Julia provides support for representing missing values in the statistical sense, that is for situations where no value is available for a variable in an observation, but a valid value theoretically exists. Missing values are represented via the `missing`

object, which is the singleton instance of the type `Missing`

. `missing`

is equivalent to `NULL`

in SQL and `NA`

in R, and behaves like them in most situations.

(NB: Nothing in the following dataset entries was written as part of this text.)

Lemma not_legendre_one_neg_one l : prime l -> l mod 4 = 3 -> ~ legendre_one (-1) l.
Proof.
  intros Hl H4. pose proof (prime_ge_2 _ Hl).
  assert (Hl2 : l <> 2) by (intros ->; discriminate).
  assert (Hm1 : ~ (l | -1)) by (apply prime_not_divide_unit; [exact Hl|right; reflexivity]).
  rewrite (legendre_one_iff_euler l ((l - 1) / 2)) by
    (auto; Z.to_euclidean_division_equations; lia).
  rewrite (divide_sub_neg_one_pow_iff l _ ((l - 1) / 2) Hl Hl2) by
    (try (rewrite Z.sub_diag; apply Z.divide_0_r); Z.to_euclidean_division_equations; lia).
  Z.to_euclidean_division_equations; lia.
Qed.

Definition Zl_root (l : Z) (P : Z -> Z) : Prop :=
  exists w : nat -> Z, compatible l w /\ forall k : nat, (l ^ Z.of_nat k | P (w k)).

Lemma divide_pow_le l a b : 0 <= a <= b -> (l ^ a | l ^ b).
Proof.
  intros H. replace b with (a + (b - a)) by lia. rewrite Z.pow_add_r by lia.
  apply Z.divide_factor_l.
Qed.

Lemma dependent_choice_seq (P : nat -> Z -> Prop) (R : nat -> Z -> Z -> Prop) v0 :
  P 0%nat v0 -> (forall n v, P n v -> exists v', R n v v' /\ P (S n) v') ->
  exists g : nat -> Z, forall n, P n (g n) /\ R n (g n) (g (S n)).
Proof.
  intros H0 Hstep.
  set (step := fun n v => epsilon (inhabits 0) (fun v' => P n v -> R n v v' /\ P (S n) v')).
  assert (Hst : forall n v, P n v -> R n v (step n v) /\ P (S n) (step n v)).
  { intros n v Hv. refine (epsilon_spec (inhabits 0) (fun v' => P n v -> R n v v' /\ P (S n) v') _ Hv).
    destruct (Hstep n v Hv) as [v' Hv']. exists v'. auto. }
  set (g := fix g n := match n with O => v0 | S m => step m (g m) end).
  assert (HP : forall n, P n (g n)) by (induction n; simpl; auto; apply Hst; auto).
  exists g. intros n. split; [auto|]. apply Hst; auto.
Qed.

## Propagation of Missing Values

The behavior of `missing`

values follows one basic rule: `missing`

values *propagate* automatically when passed to standard operators and functions, in particular mathematical functions. Uncertainty about the value of one of the operands induces uncertainty about the result. In practice, this means an operation involving a `missing`

value generally returns `missing`

```
julia> missing + 1
missing
julia> "a" * missing
missing
julia> abs(missing)
missing
```

As `missing`

is a normal Julia object, this propagation rule only works for functions which have opted in to implement this behavior. This can be achieved either via a specific method defined for arguments of type `Missing`

, or simply by accepting arguments of this type, and passing them to functions which propagate them (like standard operators). Packages should consider whether it makes sense to propagate missing values when defining new functions, and define methods appropriately if that is the case. Passing a `missing`

value to a function for which no method accepting arguments of type `Missing`

is defined throws a `MethodError`

, just like for any other type.

## Equality and Comparison Operators

Standard equality and comparison operators follow the propagation rule presented above: if any of the operands is `missing`

, the result is `missing`

. Here are a few examples

```
julia> missing == 1
missing
julia> missing == missing
missing
julia> missing < 1
missing
julia> 2 >= missing
missing
```

In particular, note that `missing == missing`

returns `missing`

, so `==`

cannot be used to test whether a value is missing. To test whether `x`

is `missing`

, use `ismissing(x)`

.

Special comparison operators `isequal`

and `===`

are exceptions to the propagation rule: they always return a `Bool`

value, even in the presence of `missing`

values, considering `missing`

as equal to `missing`

and as different from any other value. They can therefore be used to test whether a value is `missing`

```
julia> missing === 1
false
julia> isequal(missing, 1)
false
julia> missing === missing
true
julia> isequal(missing, missing)
true
```

The `isless`

operator is another exception: `missing`

is considered as greater than any other value. This operator is used by `sort`

, which therefore places `missing`

values after all other values.

```
julia> isless(1, missing)
true
julia> isless(missing, Inf)
false
julia> isless(missing, missing)
false
```

## Logical operators

Logical (or boolean) operators `|`

, `&`

and `xor`

are another special case, as they only propagate `missing`

values when it is logically required. For these operators, whether or not the result is uncertain depends on the particular operation, following the well-established rules of *three-valued logic* which are also implemented by `NULL`

in SQL and `NA`

in R. This abstract definition actually corresponds to a relatively natural behavior which is best explained via concrete examples.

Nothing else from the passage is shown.